PROBLEM TO SOLVE =
From the listing below, reproduce word for word the part that opens with the line containing "[set p : signed" and closes with the line containing "would produce one."; reproduce nothing else.
=== Section Start ===
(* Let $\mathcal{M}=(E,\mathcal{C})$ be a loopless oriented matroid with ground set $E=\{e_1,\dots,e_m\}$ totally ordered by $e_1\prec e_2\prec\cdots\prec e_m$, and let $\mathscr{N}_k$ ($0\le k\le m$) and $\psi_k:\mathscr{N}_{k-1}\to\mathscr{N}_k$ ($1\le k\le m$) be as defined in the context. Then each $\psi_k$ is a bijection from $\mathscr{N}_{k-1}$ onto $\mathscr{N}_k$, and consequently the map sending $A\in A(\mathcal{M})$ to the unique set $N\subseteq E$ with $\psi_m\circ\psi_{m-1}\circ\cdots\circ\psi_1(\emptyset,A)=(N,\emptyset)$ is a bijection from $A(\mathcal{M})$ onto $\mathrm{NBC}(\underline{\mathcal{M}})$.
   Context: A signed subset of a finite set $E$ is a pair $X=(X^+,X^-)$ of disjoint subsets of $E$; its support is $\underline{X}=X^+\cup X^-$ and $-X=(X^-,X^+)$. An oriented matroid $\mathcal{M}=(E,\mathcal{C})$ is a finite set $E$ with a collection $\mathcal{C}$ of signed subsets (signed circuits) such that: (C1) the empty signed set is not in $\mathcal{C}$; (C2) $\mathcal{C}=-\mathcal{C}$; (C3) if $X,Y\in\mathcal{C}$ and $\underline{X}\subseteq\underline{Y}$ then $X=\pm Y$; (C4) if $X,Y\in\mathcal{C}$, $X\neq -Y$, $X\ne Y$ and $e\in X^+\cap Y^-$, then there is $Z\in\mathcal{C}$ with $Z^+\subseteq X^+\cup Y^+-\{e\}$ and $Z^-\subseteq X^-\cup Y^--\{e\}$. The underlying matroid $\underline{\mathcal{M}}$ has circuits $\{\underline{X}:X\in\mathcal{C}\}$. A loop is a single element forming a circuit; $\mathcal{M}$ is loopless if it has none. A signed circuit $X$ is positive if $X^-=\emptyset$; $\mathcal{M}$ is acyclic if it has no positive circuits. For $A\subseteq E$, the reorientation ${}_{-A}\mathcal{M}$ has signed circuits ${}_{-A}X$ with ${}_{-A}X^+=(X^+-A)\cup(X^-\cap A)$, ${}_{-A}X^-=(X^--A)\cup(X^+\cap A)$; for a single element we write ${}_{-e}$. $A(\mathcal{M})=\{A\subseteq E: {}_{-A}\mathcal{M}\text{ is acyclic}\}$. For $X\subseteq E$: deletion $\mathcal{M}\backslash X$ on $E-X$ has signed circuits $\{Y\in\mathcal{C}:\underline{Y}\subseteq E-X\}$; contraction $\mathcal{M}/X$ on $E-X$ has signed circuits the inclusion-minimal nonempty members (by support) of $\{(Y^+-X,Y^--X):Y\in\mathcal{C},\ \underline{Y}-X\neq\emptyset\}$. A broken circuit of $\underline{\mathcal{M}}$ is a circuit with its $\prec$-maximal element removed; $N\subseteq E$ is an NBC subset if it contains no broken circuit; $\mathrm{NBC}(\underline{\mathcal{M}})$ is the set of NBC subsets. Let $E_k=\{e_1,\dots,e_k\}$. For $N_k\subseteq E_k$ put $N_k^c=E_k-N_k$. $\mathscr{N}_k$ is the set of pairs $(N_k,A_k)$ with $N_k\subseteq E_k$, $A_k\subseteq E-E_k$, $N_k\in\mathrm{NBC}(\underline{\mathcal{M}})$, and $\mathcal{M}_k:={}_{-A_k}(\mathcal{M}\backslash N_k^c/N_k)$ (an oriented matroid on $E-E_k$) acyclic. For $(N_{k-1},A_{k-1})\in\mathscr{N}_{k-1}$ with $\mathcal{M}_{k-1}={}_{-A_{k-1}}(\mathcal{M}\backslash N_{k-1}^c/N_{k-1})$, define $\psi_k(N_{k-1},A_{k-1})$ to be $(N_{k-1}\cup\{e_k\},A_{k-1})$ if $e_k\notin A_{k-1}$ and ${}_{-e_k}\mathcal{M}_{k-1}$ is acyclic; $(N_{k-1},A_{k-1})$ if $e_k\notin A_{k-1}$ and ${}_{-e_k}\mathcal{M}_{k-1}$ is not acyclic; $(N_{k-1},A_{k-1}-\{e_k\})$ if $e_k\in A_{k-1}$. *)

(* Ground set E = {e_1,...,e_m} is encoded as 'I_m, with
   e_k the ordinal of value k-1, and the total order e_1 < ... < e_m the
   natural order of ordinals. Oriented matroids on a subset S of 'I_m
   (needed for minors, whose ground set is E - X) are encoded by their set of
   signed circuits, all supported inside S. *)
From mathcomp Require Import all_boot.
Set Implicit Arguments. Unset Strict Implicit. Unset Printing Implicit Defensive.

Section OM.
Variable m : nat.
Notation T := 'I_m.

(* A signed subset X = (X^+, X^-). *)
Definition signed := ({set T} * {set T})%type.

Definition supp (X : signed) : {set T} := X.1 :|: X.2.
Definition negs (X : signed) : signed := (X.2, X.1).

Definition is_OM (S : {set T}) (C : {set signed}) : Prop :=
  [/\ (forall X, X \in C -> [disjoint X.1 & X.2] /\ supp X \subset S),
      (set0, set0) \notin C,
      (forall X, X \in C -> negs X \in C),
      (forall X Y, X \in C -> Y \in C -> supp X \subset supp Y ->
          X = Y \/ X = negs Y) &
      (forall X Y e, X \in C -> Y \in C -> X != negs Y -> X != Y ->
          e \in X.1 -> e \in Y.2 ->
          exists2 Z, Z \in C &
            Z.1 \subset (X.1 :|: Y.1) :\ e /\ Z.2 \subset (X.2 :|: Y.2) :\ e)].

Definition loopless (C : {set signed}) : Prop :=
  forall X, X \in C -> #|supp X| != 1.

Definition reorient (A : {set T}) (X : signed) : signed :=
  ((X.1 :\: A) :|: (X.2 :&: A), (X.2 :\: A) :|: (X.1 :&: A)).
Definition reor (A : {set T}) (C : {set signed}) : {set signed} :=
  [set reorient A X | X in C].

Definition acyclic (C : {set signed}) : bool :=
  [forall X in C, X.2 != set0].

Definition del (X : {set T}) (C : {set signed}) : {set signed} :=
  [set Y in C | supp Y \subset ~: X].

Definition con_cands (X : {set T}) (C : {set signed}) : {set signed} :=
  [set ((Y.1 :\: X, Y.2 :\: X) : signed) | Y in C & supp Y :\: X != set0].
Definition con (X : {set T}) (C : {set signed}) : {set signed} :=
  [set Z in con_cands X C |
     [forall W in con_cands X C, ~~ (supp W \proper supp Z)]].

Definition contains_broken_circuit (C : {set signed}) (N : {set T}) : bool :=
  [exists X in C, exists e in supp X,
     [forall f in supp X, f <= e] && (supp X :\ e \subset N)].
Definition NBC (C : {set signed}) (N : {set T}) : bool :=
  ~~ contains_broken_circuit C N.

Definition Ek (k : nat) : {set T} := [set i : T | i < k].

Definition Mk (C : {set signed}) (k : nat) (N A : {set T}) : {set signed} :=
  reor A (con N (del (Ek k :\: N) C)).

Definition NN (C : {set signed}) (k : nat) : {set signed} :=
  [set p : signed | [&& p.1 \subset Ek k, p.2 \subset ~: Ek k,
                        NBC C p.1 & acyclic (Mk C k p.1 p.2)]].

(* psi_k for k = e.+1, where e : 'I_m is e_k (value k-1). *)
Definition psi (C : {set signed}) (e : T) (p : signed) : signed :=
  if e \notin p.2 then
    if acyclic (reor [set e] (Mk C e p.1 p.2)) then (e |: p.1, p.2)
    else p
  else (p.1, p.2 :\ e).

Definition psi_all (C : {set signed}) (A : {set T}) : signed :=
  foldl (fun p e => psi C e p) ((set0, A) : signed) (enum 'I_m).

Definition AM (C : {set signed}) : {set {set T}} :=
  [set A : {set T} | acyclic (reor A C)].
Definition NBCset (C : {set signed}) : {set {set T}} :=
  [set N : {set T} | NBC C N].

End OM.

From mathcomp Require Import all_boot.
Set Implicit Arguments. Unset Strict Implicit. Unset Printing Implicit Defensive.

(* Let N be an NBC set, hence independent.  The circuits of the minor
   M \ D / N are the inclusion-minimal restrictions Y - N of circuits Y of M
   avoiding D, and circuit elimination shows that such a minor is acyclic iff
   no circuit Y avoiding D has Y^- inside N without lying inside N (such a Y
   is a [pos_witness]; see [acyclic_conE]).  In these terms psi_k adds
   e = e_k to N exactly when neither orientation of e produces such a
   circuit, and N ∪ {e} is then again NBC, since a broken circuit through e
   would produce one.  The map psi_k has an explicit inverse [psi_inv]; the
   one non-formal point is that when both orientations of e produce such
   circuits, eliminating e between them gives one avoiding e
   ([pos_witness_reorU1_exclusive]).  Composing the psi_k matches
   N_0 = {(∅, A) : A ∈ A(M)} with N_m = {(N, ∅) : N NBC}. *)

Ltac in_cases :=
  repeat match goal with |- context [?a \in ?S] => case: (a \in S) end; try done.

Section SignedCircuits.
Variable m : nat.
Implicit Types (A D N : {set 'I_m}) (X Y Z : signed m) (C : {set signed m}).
=== Section End ===
REPLY =
  [set p : signed | [&& p.1 \subset Ek k, p.2 \subset ~: Ek k,
                        NBC C p.1 & acyclic (Mk C k p.1 p.2)]].

(* psi_k for k = e.+1, where e : 'I_m is e_k (value k-1). *)
Definition psi (C : {set signed}) (e : T) (p : signed) : signed :=
  if e \notin p.2 then
    if acyclic (reor [set e] (Mk C e p.1 p.2)) then (e |: p.1, p.2)
    else p
  else (p.1, p.2 :\ e).

Definition psi_all (C : {set signed}) (A : {set T}) : signed :=
  foldl (fun p e => psi C e p) ((set0, A) : signed) (enum 'I_m).

Definition AM (C : {set signed}) : {set {set T}} :=
  [set A : {set T} | acyclic (reor A C)].
Definition NBCset (C : {set signed}) : {set {set T}} :=
  [set N : {set T} | NBC C N].

End OM.

From mathcomp Require Import all_boot.
Set Implicit Arguments. Unset Strict Implicit. Unset Printing Implicit Defensive.

(* Let N be an NBC set, hence independent.  The circuits of the minor
   M \ D / N are the inclusion-minimal restrictions Y - N of circuits Y of M
   avoiding D, and circuit elimination shows that such a minor is acyclic iff
   no circuit Y avoiding D has Y^- inside N without lying inside N (such a Y
   is a [pos_witness]; see [acyclic_conE]).  In these terms psi_k adds
   e = e_k to N exactly when neither orientation of e produces such a
   circuit, and N ∪ {e} is then again NBC, since a broken circuit through e
   would produce one.  The map psi_k has an explicit inverse [psi_inv]; the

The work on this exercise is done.